What you need to do is retype every entry exactly as written.

··· Given data

Lemma order_transl_delta i c : #[transl n ((c *: 'e_i) *m R)]%g = (n %/ gcdn n `|c|)%N.
Proof.
have expE k : (transl n ((c *: 'e_i) *m R) ^+ k == 1)%g = (n %/ gcdn n `|c| %| k)%N.
  by rewrite translX_delta transl_delta_eq1 -mulr_natr natz -dvdn_mul_divgcd // dvdzE abszM mulnC.
by apply/eqP; rewrite eqn_dvd order_dvdn expE dvdnn -expE expg_order eqxx.
Qed.

Lemma transl_span_smith_isog L d : L \in unitmx ->
  transl_span n (L *m diag_seq_mx 2 2 d *m R)
    \isog setX (Zp (n %/ gcdn n `|d`_0|)) (Zp (n %/ gcdn n `|d`_1|)).
Proof.
move=> L_unit; set D := diag_seq_mx 2 2 d.
set g := transl n ((d`_0 *: 'e_0) *m R); set h := transl n ((d`_1 *: 'e_1) *m R).
have rowDR i : row i (D *m R) = (d`_i *: 'e_i) *m R.
  by rewrite row_mul; congr (_ *m R); apply/rowP => j; rewrite !mxE eqxx /= eq_sym mulr_natr.
have spanE : transl_span n (L *m D *m R) = (<[g]> * <[h]>)%g :> {set _}.
  by rewrite -mulmxA transl_span_mull // /= !rowDR gen_set2_commute; last exact: transl_commute.
have ti : <[g]> :&: <[h]> = 1%g.
  apply/trivgP/subsetP => _ /setIP[/cycleP[i ->] /cycleP[j gh]].
  have /eqP := mulgV (h ^+ j)%g; rewrite -{1}gh /g /h !translX_delta -translN -translD.
  rewrite -mulmxBl transl_mulmx_eq1 => /forallP/(_ 0).
  by rewrite !mxE /= mulr1 mulr0 oppr0 addr0 inE transl_delta_eq1.
have dG : <[g]> \x <[h]> = transl_span n (L *m D *m R).
  by rewrite dprodE ?cents_cycle //; last exact: transl_commute.
apply: (isog_dprod dG (setX_dprod _ _)).
  apply: isog_trans (isog_setX1 _ _).
  by rewrite -(order_transl_delta 0 d`_0) isog_sym Zp_isog.
apply: isog_trans (isog_set1X _ _).
by rewrite -(order_transl_delta 1 d`_1) isog_sym Zp_isog.
Qed.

······

> [Exercise solution]:
Lemma order_transl_delta i c : #[transl n ((c *: 'e_i) *m R)]%g = (n %/ gcdn n `|c|)%N.
Proof.
have expE k : (transl n ((c *: 'e_i) *m R) ^+ k == 1)%g = (n %/ gcdn n `|c| %| k)%N.
  by rewrite translX_delta transl_delta_eq1 -mulr_natr natz -dvdn_mul_divgcd // dvdzE abszM mulnC.
by apply/eqP; rewrite eqn_dvd order_dvdn expE dvdnn -expE expg_order eqxx.
Qed.

Lemma transl_span_smith_isog L d : L \in unitmx ->
  transl_span n (L *m diag_seq_mx 2 2 d *m R)
    \isog setX (Zp (n %/ gcdn n `|d`_0|)) (Zp (n %/ gcdn n `|d`_1|)).
Proof.
move=> L_unit; set D := diag_seq_mx 2 2 d.
set g := transl n ((d`_0 *: 'e_0) *m R); set h := transl n ((d`_1 *: 'e_1) *m R).
have rowDR i : row i (D *m R) = (d`_i *: 'e_i) *m R.
  by rewrite row_mul; congr (_ *m R); apply/rowP => j; rewrite !mxE eqxx /= eq_sym mulr_natr.
have spanE : transl_span n (L *m D *m R) = (<[g]> * <[h]>)%g :> {set _}.
  by rewrite -mulmxA transl_span_mull // /= !rowDR gen_set2_commute; last exact: transl_commute.
have ti : <[g]> :&: <[h]> = 1%g.
  apply/trivgP/subsetP => _ /setIP[/cycleP[i ->] /cycleP[j gh]].
  have /eqP := mulgV (h ^+ j)%g; rewrite -{1}gh /g /h !translX_delta -translN -translD.
  rewrite -mulmxBl transl_mulmx_eq1 => /forallP/(_ 0).
  by rewrite !mxE /= mulr1 mulr0 oppr0 addr0 inE transl_delta_eq1.
have dG : <[g]> \x <[h]> = transl_span n (L *m D *m R).
  by rewrite dprodE ?cents_cycle //; last exact: transl_commute.
apply: (isog_dprod dG (setX_dprod _ _)).
  apply: isog_trans (isog_setX1 _ _).
  by rewrite -(order_transl_delta 0 d`_0) isog_sym Zp_isog.
apply: isog_trans (isog_set1X _ _).
by rewrite -(order_transl_delta 1 d`_1) isog_sym Zp_isog.
Qed.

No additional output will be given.